→ **EXERCISE REQUIREMENTS**: Return exactly the lines of the records below, starting at the line that contains "pose mu := 4 * eps / s." and ending at the line that contains "by apply: eq_bigl => w; rewrite ler_normr.", with both of those lines kept.

● ● ●

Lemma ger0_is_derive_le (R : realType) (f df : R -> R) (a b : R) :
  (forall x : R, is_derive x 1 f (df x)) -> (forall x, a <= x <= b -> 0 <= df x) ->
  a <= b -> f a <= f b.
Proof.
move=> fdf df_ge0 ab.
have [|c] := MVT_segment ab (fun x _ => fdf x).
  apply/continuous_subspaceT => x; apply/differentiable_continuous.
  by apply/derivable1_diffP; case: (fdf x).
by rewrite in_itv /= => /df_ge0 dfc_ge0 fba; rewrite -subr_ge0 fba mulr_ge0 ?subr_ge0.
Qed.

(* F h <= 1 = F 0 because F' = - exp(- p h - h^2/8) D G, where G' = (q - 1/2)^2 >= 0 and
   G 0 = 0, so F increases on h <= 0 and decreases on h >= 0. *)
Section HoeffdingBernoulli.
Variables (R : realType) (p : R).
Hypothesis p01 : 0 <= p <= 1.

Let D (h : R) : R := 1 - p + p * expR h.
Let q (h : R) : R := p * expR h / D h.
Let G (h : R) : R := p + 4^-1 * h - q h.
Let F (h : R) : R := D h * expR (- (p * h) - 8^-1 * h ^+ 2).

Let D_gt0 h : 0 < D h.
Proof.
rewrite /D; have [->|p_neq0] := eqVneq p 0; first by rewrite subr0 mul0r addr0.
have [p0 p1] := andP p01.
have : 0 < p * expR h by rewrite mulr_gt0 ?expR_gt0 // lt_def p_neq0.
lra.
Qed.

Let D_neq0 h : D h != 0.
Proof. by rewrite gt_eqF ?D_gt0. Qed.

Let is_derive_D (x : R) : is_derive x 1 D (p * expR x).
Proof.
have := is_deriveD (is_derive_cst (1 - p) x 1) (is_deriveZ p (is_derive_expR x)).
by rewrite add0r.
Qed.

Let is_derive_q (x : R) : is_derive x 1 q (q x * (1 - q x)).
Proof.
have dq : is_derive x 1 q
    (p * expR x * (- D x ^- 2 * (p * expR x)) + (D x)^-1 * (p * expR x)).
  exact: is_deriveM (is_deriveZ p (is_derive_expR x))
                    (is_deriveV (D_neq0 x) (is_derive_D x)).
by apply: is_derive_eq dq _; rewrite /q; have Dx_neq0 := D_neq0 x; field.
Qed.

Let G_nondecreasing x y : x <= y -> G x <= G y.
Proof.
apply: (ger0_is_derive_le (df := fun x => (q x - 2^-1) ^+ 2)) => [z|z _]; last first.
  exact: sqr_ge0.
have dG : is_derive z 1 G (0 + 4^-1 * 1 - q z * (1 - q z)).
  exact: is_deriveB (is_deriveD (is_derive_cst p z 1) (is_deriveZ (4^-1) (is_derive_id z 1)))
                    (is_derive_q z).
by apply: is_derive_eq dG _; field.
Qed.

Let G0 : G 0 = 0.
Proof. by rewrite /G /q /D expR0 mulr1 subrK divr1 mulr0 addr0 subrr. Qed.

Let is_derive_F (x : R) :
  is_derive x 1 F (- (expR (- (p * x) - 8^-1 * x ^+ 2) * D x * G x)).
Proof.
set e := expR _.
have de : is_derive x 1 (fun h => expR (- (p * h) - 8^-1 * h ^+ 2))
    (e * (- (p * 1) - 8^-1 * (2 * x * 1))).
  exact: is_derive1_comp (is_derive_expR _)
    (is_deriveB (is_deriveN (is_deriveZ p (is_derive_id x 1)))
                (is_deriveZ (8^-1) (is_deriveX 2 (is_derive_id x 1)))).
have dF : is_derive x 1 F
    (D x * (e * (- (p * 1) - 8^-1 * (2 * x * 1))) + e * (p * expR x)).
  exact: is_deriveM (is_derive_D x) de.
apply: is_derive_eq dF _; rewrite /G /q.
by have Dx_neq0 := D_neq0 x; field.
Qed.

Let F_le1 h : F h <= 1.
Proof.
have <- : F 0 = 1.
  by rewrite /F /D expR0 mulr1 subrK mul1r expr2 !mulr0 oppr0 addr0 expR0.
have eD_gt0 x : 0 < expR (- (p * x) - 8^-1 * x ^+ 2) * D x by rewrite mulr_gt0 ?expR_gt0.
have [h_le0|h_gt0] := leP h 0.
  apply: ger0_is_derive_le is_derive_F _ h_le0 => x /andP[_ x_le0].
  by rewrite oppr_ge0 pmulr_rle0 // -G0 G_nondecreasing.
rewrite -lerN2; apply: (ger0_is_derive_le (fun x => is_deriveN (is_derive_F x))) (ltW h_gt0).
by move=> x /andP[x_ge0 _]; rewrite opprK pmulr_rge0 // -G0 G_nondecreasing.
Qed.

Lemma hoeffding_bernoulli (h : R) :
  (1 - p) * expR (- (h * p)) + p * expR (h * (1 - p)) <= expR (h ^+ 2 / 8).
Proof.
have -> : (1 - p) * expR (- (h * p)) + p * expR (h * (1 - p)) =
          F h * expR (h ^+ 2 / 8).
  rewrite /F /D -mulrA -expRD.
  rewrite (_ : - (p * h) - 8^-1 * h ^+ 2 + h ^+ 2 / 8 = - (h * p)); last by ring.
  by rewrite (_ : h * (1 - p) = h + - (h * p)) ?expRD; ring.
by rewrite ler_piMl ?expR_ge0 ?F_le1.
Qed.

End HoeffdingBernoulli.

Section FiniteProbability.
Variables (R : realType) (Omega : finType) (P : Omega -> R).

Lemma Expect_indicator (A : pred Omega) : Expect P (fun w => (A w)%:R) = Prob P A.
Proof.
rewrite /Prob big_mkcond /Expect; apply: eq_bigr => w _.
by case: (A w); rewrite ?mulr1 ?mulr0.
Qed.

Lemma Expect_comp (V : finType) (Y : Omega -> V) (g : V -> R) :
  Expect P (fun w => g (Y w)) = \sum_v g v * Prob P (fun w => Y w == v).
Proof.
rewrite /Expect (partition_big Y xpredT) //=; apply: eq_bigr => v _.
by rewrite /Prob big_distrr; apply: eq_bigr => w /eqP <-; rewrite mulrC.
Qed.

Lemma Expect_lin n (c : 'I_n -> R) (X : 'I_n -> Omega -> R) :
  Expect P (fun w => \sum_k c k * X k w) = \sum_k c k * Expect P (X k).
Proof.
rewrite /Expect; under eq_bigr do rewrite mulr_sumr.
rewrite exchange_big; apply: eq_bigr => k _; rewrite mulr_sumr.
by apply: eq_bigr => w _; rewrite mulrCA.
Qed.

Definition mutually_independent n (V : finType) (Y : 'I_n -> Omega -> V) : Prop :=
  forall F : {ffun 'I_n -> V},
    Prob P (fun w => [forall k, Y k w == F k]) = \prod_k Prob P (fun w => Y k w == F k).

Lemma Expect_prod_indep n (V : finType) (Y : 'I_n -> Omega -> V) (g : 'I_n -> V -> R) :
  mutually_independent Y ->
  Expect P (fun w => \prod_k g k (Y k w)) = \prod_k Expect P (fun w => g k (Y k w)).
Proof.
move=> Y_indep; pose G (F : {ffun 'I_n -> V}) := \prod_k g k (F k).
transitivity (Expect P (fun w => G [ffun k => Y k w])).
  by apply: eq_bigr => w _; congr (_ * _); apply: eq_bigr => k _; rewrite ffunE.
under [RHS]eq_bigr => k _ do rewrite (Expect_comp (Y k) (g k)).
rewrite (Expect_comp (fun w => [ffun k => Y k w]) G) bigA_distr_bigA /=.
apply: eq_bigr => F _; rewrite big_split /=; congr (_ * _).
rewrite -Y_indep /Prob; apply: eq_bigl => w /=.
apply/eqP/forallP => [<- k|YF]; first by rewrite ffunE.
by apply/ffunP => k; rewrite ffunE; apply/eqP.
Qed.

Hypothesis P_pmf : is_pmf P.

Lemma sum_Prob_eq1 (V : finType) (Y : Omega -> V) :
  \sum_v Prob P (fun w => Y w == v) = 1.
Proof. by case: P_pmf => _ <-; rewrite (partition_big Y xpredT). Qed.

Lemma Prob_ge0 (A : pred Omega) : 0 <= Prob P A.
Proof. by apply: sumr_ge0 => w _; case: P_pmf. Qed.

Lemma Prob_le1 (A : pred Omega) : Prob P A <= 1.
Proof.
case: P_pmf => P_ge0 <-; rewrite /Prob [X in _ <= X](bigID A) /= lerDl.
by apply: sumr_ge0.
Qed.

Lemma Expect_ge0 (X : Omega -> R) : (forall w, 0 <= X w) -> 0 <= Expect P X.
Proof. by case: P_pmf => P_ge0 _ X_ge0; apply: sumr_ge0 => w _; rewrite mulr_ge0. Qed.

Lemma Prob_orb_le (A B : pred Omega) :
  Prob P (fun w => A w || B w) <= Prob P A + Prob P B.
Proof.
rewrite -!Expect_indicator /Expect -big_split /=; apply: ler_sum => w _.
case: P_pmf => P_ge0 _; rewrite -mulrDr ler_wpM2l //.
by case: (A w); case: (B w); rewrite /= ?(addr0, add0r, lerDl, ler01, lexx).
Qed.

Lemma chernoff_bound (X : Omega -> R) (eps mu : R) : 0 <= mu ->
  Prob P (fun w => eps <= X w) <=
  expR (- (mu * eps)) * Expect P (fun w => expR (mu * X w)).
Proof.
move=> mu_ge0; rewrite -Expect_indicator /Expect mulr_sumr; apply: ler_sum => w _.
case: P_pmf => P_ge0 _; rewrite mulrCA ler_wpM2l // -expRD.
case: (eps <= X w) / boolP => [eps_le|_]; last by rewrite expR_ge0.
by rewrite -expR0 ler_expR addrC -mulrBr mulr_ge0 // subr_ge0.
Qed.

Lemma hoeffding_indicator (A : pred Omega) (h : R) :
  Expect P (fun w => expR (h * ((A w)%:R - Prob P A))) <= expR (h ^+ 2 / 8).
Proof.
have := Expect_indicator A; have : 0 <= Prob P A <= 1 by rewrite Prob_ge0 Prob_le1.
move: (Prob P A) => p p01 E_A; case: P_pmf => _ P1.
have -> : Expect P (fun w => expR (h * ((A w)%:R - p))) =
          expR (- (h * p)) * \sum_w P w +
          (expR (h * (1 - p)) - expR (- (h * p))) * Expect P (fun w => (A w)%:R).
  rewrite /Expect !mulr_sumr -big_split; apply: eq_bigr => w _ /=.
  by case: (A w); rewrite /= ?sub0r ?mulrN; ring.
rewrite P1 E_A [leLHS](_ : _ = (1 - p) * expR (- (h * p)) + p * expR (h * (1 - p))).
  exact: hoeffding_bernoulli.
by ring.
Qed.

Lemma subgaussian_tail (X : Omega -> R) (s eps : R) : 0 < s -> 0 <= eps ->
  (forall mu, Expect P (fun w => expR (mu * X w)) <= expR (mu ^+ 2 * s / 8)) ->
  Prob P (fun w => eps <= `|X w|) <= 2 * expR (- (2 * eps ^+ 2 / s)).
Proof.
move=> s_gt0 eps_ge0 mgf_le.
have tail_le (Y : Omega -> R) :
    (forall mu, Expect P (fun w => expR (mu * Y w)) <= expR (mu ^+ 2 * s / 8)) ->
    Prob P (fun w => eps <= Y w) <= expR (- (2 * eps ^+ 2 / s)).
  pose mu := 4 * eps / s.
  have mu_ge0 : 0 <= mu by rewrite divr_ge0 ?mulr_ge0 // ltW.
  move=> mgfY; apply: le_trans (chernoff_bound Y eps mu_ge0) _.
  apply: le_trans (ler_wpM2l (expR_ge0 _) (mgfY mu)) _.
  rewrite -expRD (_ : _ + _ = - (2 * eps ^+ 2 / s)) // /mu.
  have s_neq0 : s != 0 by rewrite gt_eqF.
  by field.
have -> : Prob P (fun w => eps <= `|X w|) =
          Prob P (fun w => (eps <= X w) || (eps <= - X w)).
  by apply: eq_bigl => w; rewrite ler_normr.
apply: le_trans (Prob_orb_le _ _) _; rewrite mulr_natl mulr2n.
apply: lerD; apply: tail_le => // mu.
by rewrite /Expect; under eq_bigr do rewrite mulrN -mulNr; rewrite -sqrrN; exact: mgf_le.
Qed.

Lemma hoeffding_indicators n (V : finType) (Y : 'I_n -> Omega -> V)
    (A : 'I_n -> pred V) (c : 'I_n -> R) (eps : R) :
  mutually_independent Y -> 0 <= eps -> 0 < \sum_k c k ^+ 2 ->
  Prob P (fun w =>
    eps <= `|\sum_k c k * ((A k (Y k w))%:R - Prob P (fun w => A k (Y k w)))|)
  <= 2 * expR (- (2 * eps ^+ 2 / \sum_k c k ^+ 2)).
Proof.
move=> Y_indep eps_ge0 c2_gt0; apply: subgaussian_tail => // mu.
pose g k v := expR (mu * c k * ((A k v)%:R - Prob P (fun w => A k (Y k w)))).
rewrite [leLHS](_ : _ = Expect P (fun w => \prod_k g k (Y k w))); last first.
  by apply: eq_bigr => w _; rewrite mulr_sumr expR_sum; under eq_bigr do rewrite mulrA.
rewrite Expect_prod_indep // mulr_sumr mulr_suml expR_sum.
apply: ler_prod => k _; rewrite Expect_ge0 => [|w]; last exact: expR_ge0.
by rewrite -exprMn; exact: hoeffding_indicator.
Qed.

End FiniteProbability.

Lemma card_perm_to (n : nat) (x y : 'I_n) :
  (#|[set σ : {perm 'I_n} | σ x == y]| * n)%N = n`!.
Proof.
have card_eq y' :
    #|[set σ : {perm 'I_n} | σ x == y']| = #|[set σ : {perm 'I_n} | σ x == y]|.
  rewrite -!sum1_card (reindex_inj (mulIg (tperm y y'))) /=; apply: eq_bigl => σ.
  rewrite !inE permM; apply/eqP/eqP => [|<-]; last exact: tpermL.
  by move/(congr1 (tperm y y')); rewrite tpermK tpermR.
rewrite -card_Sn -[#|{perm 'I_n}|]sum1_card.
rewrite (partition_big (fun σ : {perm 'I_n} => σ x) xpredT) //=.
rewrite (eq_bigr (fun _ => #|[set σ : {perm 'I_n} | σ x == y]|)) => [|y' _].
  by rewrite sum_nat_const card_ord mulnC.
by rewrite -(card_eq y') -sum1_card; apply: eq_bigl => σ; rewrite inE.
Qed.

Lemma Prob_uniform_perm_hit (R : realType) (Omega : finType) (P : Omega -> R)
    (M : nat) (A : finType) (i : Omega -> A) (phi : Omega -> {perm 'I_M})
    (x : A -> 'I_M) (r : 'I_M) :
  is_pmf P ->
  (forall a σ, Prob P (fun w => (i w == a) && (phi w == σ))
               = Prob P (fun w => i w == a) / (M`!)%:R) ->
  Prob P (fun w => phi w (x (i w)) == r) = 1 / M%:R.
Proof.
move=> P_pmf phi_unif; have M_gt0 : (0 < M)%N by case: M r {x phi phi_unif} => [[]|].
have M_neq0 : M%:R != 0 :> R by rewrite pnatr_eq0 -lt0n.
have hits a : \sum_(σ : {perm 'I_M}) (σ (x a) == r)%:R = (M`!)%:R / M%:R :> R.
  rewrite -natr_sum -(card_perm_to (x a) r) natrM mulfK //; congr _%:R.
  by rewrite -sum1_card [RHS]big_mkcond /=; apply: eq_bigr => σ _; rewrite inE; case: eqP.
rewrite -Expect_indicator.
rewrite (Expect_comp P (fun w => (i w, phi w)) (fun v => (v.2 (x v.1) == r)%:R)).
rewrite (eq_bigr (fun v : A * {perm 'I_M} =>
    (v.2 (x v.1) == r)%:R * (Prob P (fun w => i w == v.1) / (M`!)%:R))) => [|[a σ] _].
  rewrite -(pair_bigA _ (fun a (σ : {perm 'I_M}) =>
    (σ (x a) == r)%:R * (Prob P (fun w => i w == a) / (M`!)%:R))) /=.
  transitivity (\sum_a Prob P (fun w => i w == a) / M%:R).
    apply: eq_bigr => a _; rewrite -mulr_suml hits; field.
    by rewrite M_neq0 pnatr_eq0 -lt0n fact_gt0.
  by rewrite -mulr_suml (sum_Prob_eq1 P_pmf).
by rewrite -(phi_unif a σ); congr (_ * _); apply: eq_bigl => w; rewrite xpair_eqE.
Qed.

● ● ●

→ **PROBLEM SOLUTION**:
  pose mu := 4 * eps / s.
  have mu_ge0 : 0 <= mu by rewrite divr_ge0 ?mulr_ge0 // ltW.
  move=> mgfY; apply: le_trans (chernoff_bound Y eps mu_ge0) _.
  apply: le_trans (ler_wpM2l (expR_ge0 _) (mgfY mu)) _.
  rewrite -expRD (_ : _ + _ = - (2 * eps ^+ 2 / s)) // /mu.
  have s_neq0 : s != 0 by rewrite gt_eqF.
  by field.
have -> : Prob P (fun w => eps <= `|X w|) =
          Prob P (fun w => (eps <= X w) || (eps <= - X w)).
  by apply: eq_bigl => w; rewrite ler_normr.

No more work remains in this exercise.